Subsea hydraulic control line reliability investigated

Developing a system-level approach helped engineers understand and resolve problem control lines, to avoid significant repair costs.

Scot T. Ellis, George Siappas and Angus Colyer, Chevron; and Robert F. Mitchell, Halliburton

In general, downhole control lines are not subject to routine failures, but a study of downhole completion failures identified them as a principal failure cause. The cost of recovering downhole completions to repair control line failures warranted the investigation of equipment reliability including control lines, clamps and fittings.

Early work indicated that the components were not engineered as a system, but rather as individual components driven by the hardware interfaces of more substantial components at the physical limits of the system. Hence, the mechanical attributes of the components collection had never been closely studied. To fill this knowledge gap, a system-level approach was developed to understand and resolve the problem areas. This article details that process.
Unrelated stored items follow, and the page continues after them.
(* Let $\boldsymbol{W}=(w_{ir})\in\mathbb{R}^{n\times n}$ be nonnegative, primitive and doubly stochastic, with $\lambda:=\|\boldsymbol{W}-\mathbf{1}_n\mathbf{1}_n^\top/n\|_2<1$. For any realization of the iterates of GT-NSGDm (described in the context) with step size $\alpha>0$, and $\bar{\boldsymbol{x}}^t=\frac1n\sum_i\boldsymbol{x}_i^t$, we have for all $t=0,\dots,T$: $$\frac1n\sum_{i=1}^n\|\boldsymbol{x}_i^t-\bar{\boldsymbol{x}}^t\|\le\frac{\alpha\lambda}{1-\lambda}.$$
   Context: Algorithm GT-NSGDm (run in parallel at every node $i$, with local functions $f_i$ and stochastic gradients $\boldsymbol{g}_i(\boldsymbol{x},\boldsymbol{\xi})$): initialize $\boldsymbol{x}_i^{-1}=\boldsymbol{x}_i^0=\bar{\boldsymbol{x}}^0$ (a common point) and $\boldsymbol{v}_i^{-1}=\boldsymbol{y}_i^{-1}=\mathbf{0}_d$. For $t=0,\dots,T-1$: sample $\boldsymbol{\xi}_i^t$; set $\boldsymbol{v}_i^t=\beta\boldsymbol{v}_i^{t-1}+(1-\beta)\boldsymbol{g}_i(\boldsymbol{x}_i^t,\boldsymbol{\xi}_i^t)$; $\boldsymbol{y}_i^t=\sum_{r=1}^n w_{ir}(\boldsymbol{y}_r^{t-1}+\boldsymbol{v}_r^t-\boldsymbol{v}_r^{t-1})$; $\boldsymbol{x}_i^{t+1}=\sum_{r=1}^n w_{ir}\big(\boldsymbol{x}_r^t-\alpha\,\boldsymbol{y}_r^t/\|\boldsymbol{y}_r^t\|\big)$. *)

From HB Require Import structures.
From mathcomp Require Import all_boot all_order all_algebra.
From mathcomp Require Import boolp classical_sets reals.
Set Implicit Arguments. Unset Strict Implicit. Unset Printing Implicit Defensive.
Import Order.TTheory GRing.Theory Num.Theory.
Local Open Scope ring_scope.
Local Open Scope classical_set_scope.

Section Defs.
Variable R : realType.

Definition fnorm (m k : nat) (A : 'M[R]_(m, k)) : R :=
  Num.sqrt (\sum_(i < m) \sum_(j < k) A i j ^+ 2).

Definition specnorm (m k : nat) (A : 'M[R]_(m, k)) : R :=
  sup [set r : R | exists v : 'cV[R]_k, fnorm v <= 1 /\ r = fnorm (A *m v)].

Definition mxpow (n : nat) (W : 'M[R]_n) (k : nat) : 'M[R]_n :=
  iter k (mulmx W) 1%:M.

Definition nonneg_mx (n : nat) (W : 'M[R]_n) : Prop :=
  forall i j, 0 <= W i j.

Definition doubly_stochastic (n : nat) (W : 'M[R]_n) : Prop :=
  nonneg_mx W /\
  (forall i, \sum_(j < n) W i j = 1) /\
  (forall j, \sum_(i < n) W i j = 1).

Definition primitive_mx (n : nat) (W : 'M[R]_n) : Prop :=
  exists k : nat, forall i j, 0 < mxpow W k i j.

Definition avg_mx (n : nat) : 'M[R]_n := n%:R^-1 *: const_mx 1.

End Defs.

From HB Require Import structures.
From mathcomp Require Import all_boot all_order all_algebra.
From mathcomp Require Import boolp classical_sets reals.
From mathcomp Require Import ring lra.
Import Order.TTheory GRing.Theory Num.Theory.
Set Implicit Arguments. Unset Strict Implicit.
Local Open Scope ring_scope.

(** Let [E t] be the Frobenius norm of [(I - J) X^t], the stacked deviations
    from the average.  Double stochasticity gives [(I - J) W = W - J] and
    [(W - J) J = 0], hence
    [(I - J) X^(t+1) = (I - J) W (X^t - U^t) = (W - J) ((I - J) X^t - U^t)],
    where the rows of [U^t] are the normalised steps [alpha y / |y|], each of
    norm at most [alpha] (also when [y = 0], since then [alpha / 0 = 0]).
    So [E (t+1) <= lambda (E t + alpha sqrt n)] with [E 0 = 0], whence
    [E t <= lambda alpha sqrt n / (1 - lambda)], and Cauchy-Schwarz bounds the
    average row norm by [E t / sqrt n]. *)

Section FrobeniusNorm.
Variable R : realType.

Lemma sum_sqr_ge0 (I : finType) (a : I -> R) : 0 <= \sum_i a i ^+ 2.
Proof. by rewrite sumr_ge0 // => i _; exact: sqr_ge0. Qed.

Lemma cauchy_schwarz (I : finType) (a b : I -> R) :
  (\sum_i a i * b i) ^+ 2 <= (\sum_i a i ^+ 2) * (\sum_i b i ^+ 2).
Proof.
set A := \sum_i a i ^+ 2; set B := \sum_i b i ^+ 2; set C := \sum_i a i * b i.
have B_ge0 : 0 <= B := sum_sqr_ge0 b.
have lagrange : B * (A * B - C ^+ 2) = \sum_i (B * a i - C * b i) ^+ 2.
  rewrite (eq_bigr (fun i => B ^+ 2 * a i ^+ 2 - 2 * B * C * (a i * b i)
                             + C ^+ 2 * b i ^+ 2)); last by move=> i _; ring.
  by rewrite !big_split sumrN /= -!mulr_sumr -/A -/B -/C; ring.
have [B0|B_neq0] := eqVneq B 0.
  have b0 i : b i = 0.
    apply/eqP; rewrite -sqrf_eq0; apply/eqP.
    by apply: (psumr_eq0P (P := predT) (F := fun j => b j ^+ 2)) => // j _; exact: sqr_ge0.
  rewrite B0 mulr0 /C big1 ?expr0n // => i _.
  by rewrite b0 mulr0.
have B_gt0 : 0 < B by rewrite lt_def B_neq0.
by rewrite -subr_ge0 -(pmulr_rge0 _ B_gt0) lagrange sum_sqr_ge0.
Qed.

Lemma sum_mul_le_sqrt (I : finType) (a b : I -> R) :
  \sum_i a i * b i <= Num.sqrt (\sum_i a i ^+ 2) * Num.sqrt (\sum_i b i ^+ 2).
Proof.
rewrite -sqrtrM ?sum_sqr_ge0 //; apply: le_trans (ler_norm _) _.
by rewrite -sqrtr_sqr ler_sqrt ?cauchy_schwarz // mulr_ge0 ?sum_sqr_ge0.
Qed.

Lemma fnorm_ge0 m k (A : 'M[R]_(m, k)) : 0 <= fnorm A.
Proof. exact: sqrtr_ge0. Qed.

Lemma fnorm_le_sqr m k (A : 'M[R]_(m, k)) c :
  0 <= c -> (fnorm A <= c) = (fnorm A ^+ 2 <= c ^+ 2).
Proof. by move=> c_ge0; rewrite ler_sqr ?nnegrE ?fnorm_ge0. Qed.

Lemma fnorm_sqr m k (A : 'M[R]_(m, k)) :
  fnorm A ^+ 2 = \sum_i \sum_j A i j ^+ 2.
Proof. by rewrite sqr_sqrtr // sumr_ge0 // => i _; exact: sum_sqr_ge0. Qed.

Lemma fnorm_pair m k (A : 'M[R]_(m, k)) :
  fnorm A = Num.sqrt (\sum_(ij : 'I_m * 'I_k) A ij.1 ij.2 ^+ 2).
Proof. by rewrite /fnorm pair_big. Qed.

Lemma fnormD m k (A B : 'M[R]_(m, k)) : fnorm (A + B) <= fnorm A + fnorm B.
Proof.
have := sum_mul_le_sqrt (fun ij => A ij.1 ij.2) (fun ij => B ij.1 ij.2).
rewrite -!fnorm_pair => AB_le.
rewrite fnorm_le_sqr ?addr_ge0 ?fnorm_ge0 // sqrrD !fnorm_sqr !pair_big /=.
rewrite (eq_bigr (fun ij => A ij.1 ij.2 ^+ 2 + B ij.1 ij.2 ^+ 2
                            + 2 * (A ij.1 ij.2 * B ij.1 ij.2))); last first.
  by move=> ij _; rewrite mxE; ring.
rewrite !big_split /= -mulr_sumr; lra.
Qed.

Lemma fnormZ m k (c : R) (A : 'M[R]_(m, k)) : fnorm (c *: A) = `|c| * fnorm A.
Proof.
rewrite /fnorm -sqrtr_sqr -sqrtrM ?sqr_ge0 // mulr_sumr; congr Num.sqrt.
by apply: eq_bigr => i _; rewrite mulr_sumr; apply: eq_bigr => j _; rewrite mxE exprMn.
Qed.

Lemma fnorm0 m k : fnorm (0 : 'M[R]_(m, k)) = 0.
Proof. by rewrite -(scale0r (0 : 'M[R]_(m, k))) fnormZ normr0 mul0r. Qed.

Lemma fnormN m k (A : 'M[R]_(m, k)) : fnorm (- A) = fnorm A.
Proof. by rewrite -scaleN1r fnormZ normrN1 mul1r. Qed.

Lemma fnormB m k (A B : 'M[R]_(m, k)) : fnorm (A - B) <= fnorm A + fnorm B.
Proof. by rewrite -(fnormN B) fnormD. Qed.

Lemma fnorm_row k (v : 'rV[R]_k) : fnorm v ^+ 2 = \sum_j v 0 j ^+ 2.
Proof. by rewrite fnorm_sqr big_ord1. Qed.

Lemma fnorm_rows m k (A : 'M[R]_(m, k)) :
  fnorm A ^+ 2 = \sum_i fnorm (row i A) ^+ 2.
Proof.
rewrite fnorm_sqr; apply: eq_bigr => i _; rewrite fnorm_row.
by apply: eq_bigr => j _; rewrite mxE.
Qed.

Lemma fnorm_cols m k (A : 'M[R]_(m, k)) :
  fnorm A ^+ 2 = \sum_j fnorm (col j A) ^+ 2.
Proof.
rewrite fnorm_sqr exchange_big; apply: eq_bigr => j _.
by rewrite fnorm_sqr; apply: eq_bigr => i _; rewrite big_ord1 mxE.
Qed.

Lemma fnorm_mulmx m k p (A : 'M[R]_(m, k)) (B : 'M[R]_(k, p)) :
  fnorm (A *m B) <= fnorm A * fnorm B.
Proof.
rewrite fnorm_le_sqr ?mulr_ge0 ?fnorm_ge0 // exprMn !fnorm_sqr mulr_suml.
apply: ler_sum => i _; rewrite [X in _ * X]exchange_big mulr_sumr.
apply: ler_sum => j _; rewrite mxE.
exact: (cauchy_schwarz (fun l => A i l) (fun l => B l j)).
Qed.

Lemma fnorm_rows_le m k (A : 'M[R]_(m, k)) c :
  0 <= c -> (forall i, fnorm (row i A) <= c) -> fnorm A <= c * Num.sqrt m%:R.
Proof.
move=> c_ge0 A_le; rewrite fnorm_le_sqr ?mulr_ge0 ?sqrtr_ge0 // fnorm_rows exprMn sqr_sqrtr //.
rewrite mulr_natr -[in c ^+ 2 *+ m](card_ord m) -sumr_const.
by apply: ler_sum => i _; rewrite ler_sqr ?nnegrE ?fnorm_ge0.
Qed.

Lemma sum_fnorm_rows_le m k (A : 'M[R]_(m, k)) :
  \sum_i fnorm (row i A) <= Num.sqrt m%:R * fnorm A.
Proof.
have := sum_mul_le_sqrt (fun _ : 'I_m => 1) (fun i => fnorm (row i A)).
rewrite -fnorm_rows sqrtr_sqr ger0_norm ?fnorm_ge0 // sumr_const card_ord.
by under eq_bigr do rewrite mul1r; rewrite expr1n.
Qed.

Lemma mean_fnorm_rows_le m k (A : 'M[R]_(m, k)) c :
  0 <= c -> fnorm A <= c * Num.sqrt m%:R -> m%:R^-1 * \sum_i fnorm (row i A) <= c.
Proof.
move=> c_ge0 A_le.
apply: (le_trans (y := m%:R^-1 * (Num.sqrt m%:R * (c * Num.sqrt m%:R)))).
  rewrite ler_wpM2l ?invr_ge0 ?ler0n // (le_trans (sum_fnorm_rows_le A)) //.
  by rewrite ler_wpM2l ?sqrtr_ge0.
rewrite (_ : _ * _ = m%:R^-1 * Num.sqrt m%:R ^+ 2 * c); last by ring.
rewrite sqr_sqrtr ?ler0n // ler_piMl //.
by have [->|m_neq0] := eqVneq (m%:R : R) 0; rewrite ?mulr0 ?ler01 ?mulVf.
Qed.

Lemma specnorm_ubound m k (A : 'M[R]_(m, k)) :
  ubound [set r : R | exists v : 'cV[R]_k, fnorm v <= 1 /\ r = fnorm (A *m v)]
         (specnorm A).
Proof.
apply: ub_le_sup; exists (fnorm A) => _ [v [v_le1 ->]].
apply: le_trans (fnorm_mulmx A v) _.
by rewrite -[leRHS]mulr1 ler_wpM2l ?fnorm_ge0.
Qed.

Lemma specnorm_ge0 m k (A : 'M[R]_(m, k)) : 0 <= specnorm A.
Proof.
by apply: specnorm_ubound; exists 0; rewrite mulmx0 !fnorm0 ler01.
Qed.

Lemma specnorm_mulmx_cV m k (A : 'M[R]_(m, k)) (v : 'cV[R]_k) :
  fnorm (A *m v) <= specnorm A * fnorm v.
Proof.
have [v0|v_neq0] := eqVneq (fnorm v) 0.
  by have := fnorm_mulmx A v; rewrite v0 !mulr0.
have v_gt0 : 0 < fnorm v by rewrite lt_def v_neq0 fnorm_ge0.
have : fnorm (A *m ((fnorm v)^-1 *: v)) <= specnorm A.
  apply: specnorm_ubound; exists ((fnorm v)^-1 *: v).
  by rewrite fnormZ ger0_norm ?invr_ge0 ?fnorm_ge0 // mulVf.
rewrite -scalemxAr fnormZ ger0_norm ?invr_ge0 ?fnorm_ge0 //.
by rewrite mulrC -ler_pdivlMr ?invr_gt0 // invrK.
Qed.

Lemma specnorm_mulmx m k p (A : 'M[R]_(m, k)) (B : 'M[R]_(k, p)) :
  fnorm (A *m B) <= specnorm A * fnorm B.
Proof.
rewrite fnorm_le_sqr ?mulr_ge0 ?fnorm_ge0 ?specnorm_ge0 // exprMn !fnorm_cols mulr_sumr.
apply: ler_sum => j _; rewrite -exprMn ler_sqr ?nnegrE ?fnorm_ge0 //; last first.
  by rewrite mulr_ge0 ?fnorm_ge0 ?specnorm_ge0.
by rewrite !colE -mulmxA specnorm_mulmx_cV.
Qed.

Lemma fnorm_normalize_le m k (a : R) (A : 'M[R]_(m, k)) :
  0 <= a -> fnorm ((a / fnorm A) *: A) <= a.
Proof.
move=> a_ge0; rewrite fnormZ normrM ger0_norm // normfV ger0_norm ?fnorm_ge0 //.
have [->|A_neq0] := eqVneq (fnorm A) 0; first by rewrite invr0 !mulr0.
by rewrite -mulrA mulVf ?mulr1.
Qed.

End FrobeniusNorm.

Lemma affine_contraction_le (R : realType) (e : nat -> R) (lam c : R) (T : nat) :
  0 <= lam < 1 -> e 0%N <= lam * c / (1 - lam) ->
  (forall t, (t < T)%N -> e t.+1 <= lam * (e t + c)) ->
  forall t, (t <= T)%N -> e t <= lam * c / (1 - lam).
Proof.
move=> /andP[lam_ge0 lam_lt1] e0_le e_step; elim=> [//|t IH] t_lt.
apply: le_trans (e_step t t_lt) _.
have -> : lam * c / (1 - lam) = lam * (lam * c / (1 - lam) + c).
  by field; rewrite subr_eq0 gt_eqF.
by rewrite ler_wpM2l // lerD2r IH // ltnW.
Qed.

Section Consensus.
Variables (R : realType) (n : nat).
Local Notation J := (avg_mx R n).

Lemma avg_mxE i j : J i j = n%:R^-1.
Proof. by rewrite !mxE mulr1. Qed.

Lemma ord_natr_neq0 (i : 'I_n) : n%:R != 0 :> R.
Proof. by rewrite pnatr_eq0 -lt0n (leq_ltn_trans _ (ltn_ord i)). Qed.

Lemma row_consensus k (M : 'M[R]_(n, k)) i :
  row i ((1%:M - J) *m M) = row i M - n%:R^-1 *: \sum_r row r M.
Proof.
rewrite mulmxBl mul1mx linearB /= row_mul mulmx_sum_row scaler_sumr.
by congr (_ - _); apply: eq_bigr => r _; rewrite mxE avg_mxE.
Qed.

Lemma consensus_const k (x : 'rV[R]_k) : (1%:M - J) *m \matrix_(i < n) x = 0.
Proof.
apply/row_matrixP => i; rewrite row_consensus row0 rowK.
under eq_bigr do rewrite rowK.
by rewrite sumr_const card_ord -scaler_nat scalerA mulVf ?(ord_natr_neq0 i) // scale1r subrr.
Qed.

Lemma mulmx_avg_mx (A : 'M[R]_n) : (forall i, \sum_j A i j = 1) -> A *m J = J.
Proof.
move=> A_row; apply/matrixP => i j; rewrite mxE avg_mxE.
under eq_bigr do rewrite avg_mxE.
by rewrite -mulr_suml A_row mul1r.
Qed.

Lemma avg_mx_mulmx (A : 'M[R]_n) : (forall j, \sum_i A i j = 1) -> J *m A = J.
Proof.
move=> A_col; apply/matrixP => i j; rewrite mxE avg_mxE.
under eq_bigr do rewrite avg_mxE.
by rewrite -mulr_sumr A_col mulr1.
Qed.

Lemma avg_mx_idem : J *m J = J.
Proof.
apply: mulmx_avg_mx => i; under eq_bigr do rewrite avg_mxE.
by rewrite sumr_const card_ord -(mulr_natr n%:R^-1) mulVf ?(ord_natr_neq0 i).
Qed.

Variable W : 'M[R]_n.
Hypotheses (W_row : forall i, \sum_j W i j = 1) (W_col : forall j, \sum_i W i j = 1).

Lemma consensus_mulmx : (1%:M - J) *m W = W - J.
Proof. by rewrite mulmxBl mul1mx avg_mx_mulmx. Qed.

Lemma mulmx_consensus : (W - J) *m (1%:M - J) = W - J.
Proof. by rewrite mulmxBr mulmx1 mulmxBl mulmx_avg_mx // avg_mx_idem subrr subr0. Qed.

Lemma consensus_error_step k (X U : 'M[R]_(n, k)) :
  fnorm ((1%:M - J) *m (W *m (X - U)))
    <= specnorm (W - J) * (fnorm ((1%:M - J) *m X) + fnorm U).
Proof.
have -> : (1%:M - J) *m (W *m (X - U)) = (W - J) *m ((1%:M - J) *m X - U).
  by rewrite mulmxA consensus_mulmx !mulmxBr mulmxA mulmx_consensus.
apply: le_trans (specnorm_mulmx _ _) _.
by rewrite ler_wpM2l ?specnorm_ge0 ?fnormB.
Qed.

End Consensus.

(* X t i = x_i^t ; V t i = v_i^{t-1} (V 0 = v^{-1} = 0) ; Y t i = y_i^{t-1} (Y 0 = y^{-1} = 0). *)
Theorem lemma4 (R : realType) (n d T : nat) (W : 'M[R]_n)
  (alpha beta : R) (Xi : Type)
  (g : 'I_n -> 'rV[R]_d -> Xi -> 'rV[R]_d) (xi : nat -> 'I_n -> Xi)
  (x0 : 'rV[R]_d)
  (X V Y : nat -> 'I_n -> 'rV[R]_d) :
  doubly_stochastic W -> primitive_mx W ->
  specnorm (W - avg_mx R n) < 1 ->
  0 < alpha ->
  (forall i, X 0%N i = x0) ->
  (forall i, V 0%N i = 0) ->
  (forall i, Y 0%N i = 0) ->
  (forall t i, (t < T)%N ->
     V t.+1 i = beta *: V t i + (1 - beta) *: g i (X t i) (xi t i)) ->
  (forall t i, (t < T)%N ->
     Y t.+1 i = \sum_(r < n) W i r *: (Y t r + V t.+1 r - V t r)) ->
  (forall t i, (t < T)%N ->
     X t.+1 i = \sum_(r < n) W i r *:
                  (X t r - (alpha / fnorm (Y t.+1 r)) *: Y t.+1 r)) ->
  forall t, (t <= T)%N ->
    n%:R^-1 * \sum_(i < n) fnorm (X t i - n%:R^-1 *: \sum_(r < n) X t r)
      <= alpha * specnorm (W - avg_mx R n) / (1 - specnorm (W - avg_mx R n)).
Proof.
move=> [_ [W_row W_col]] _ lam_lt1 alpha_gt0 X0 _ _ _ _ X_step.
set J := avg_mx R n; set lam := specnorm (W - J).
have lam_ge0 : 0 <= lam := specnorm_ge0 _.
have alpha_ge0 : 0 <= alpha := ltW alpha_gt0.
pose Xm t : 'M[R]_(n, d) := \matrix_i X t i.
pose e t := fnorm ((1%:M - J) *m Xm t).
have e0 : e 0%N = 0.
  suff Xm0 : Xm 0%N = \matrix_(i < n) x0 by rewrite /e Xm0 consensus_const fnorm0.
  by apply/row_matrixP => i; rewrite !rowK X0.
have e_step t : (t < T)%N -> e t.+1 <= lam * (e t + alpha * Num.sqrt n%:R).
  move=> t_lt; pose U := \matrix_r ((alpha / fnorm (Y t.+1 r)) *: Y t.+1 r).
  rewrite /e; have -> : Xm t.+1 = W *m (Xm t - U).
    apply/row_matrixP => i; rewrite rowK X_step // row_mul mulmx_sum_row.
    by apply: eq_bigr => r _; rewrite mxE [row r _]linearB /= !rowK scalerBr.
  apply: le_trans (consensus_error_step W_row W_col _ _) _.
  rewrite ler_wpM2l // lerD2l; apply: fnorm_rows_le => // r.
  by rewrite rowK fnorm_normalize_le.
have row_Xm t i : row i ((1%:M - J) *m Xm t) = X t i - n%:R^-1 *: \sum_r X t r.
  by rewrite row_consensus rowK; under eq_bigr do rewrite rowK.
move=> t t_le; under eq_bigr do rewrite -row_Xm.
apply: mean_fnorm_rows_le; first by rewrite divr_ge0 ?mulr_ge0 ?subr_ge0 ?(ltW lam_lt1).
rewrite (_ : alpha * lam / (1 - lam) * Num.sqrt n%:R
             = lam * (alpha * Num.sqrt n%:R) / (1 - lam)); last by ring.
apply: (affine_contraction_le _ _ e_step t_le); first by rewrite lam_ge0.
by rewrite e0 divr_ge0 ?mulr_ge0 ?sqrtr_ge0 ?subr_ge0 ?(ltW lam_lt1).
Qed.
An integrated team of completions and subsea engineers found that the control line and its components may not be engineered to the same rigor as the rest of the subsea and completion system. Preliminary findings of engineering procurement and quality processes confirmed this.

Analysis based on intervention cost for the control lines revealed that failures alone could amount to about $150,000/well-yr, based on four control lines per well. Data for the analysis included: 4,000 control line items, 21,000 service years, 64 failures, 10 known causes and 54 unknown causes.

This data produced a mean-time-to-failure of 328.125 yr/failure (a failure rate of 0.003). Assuming a $12.5 million intervention cost for fixing failed control lines (rig rate plus equipment cost), this works out to $38,000/line-yr without considering the cost of lost production.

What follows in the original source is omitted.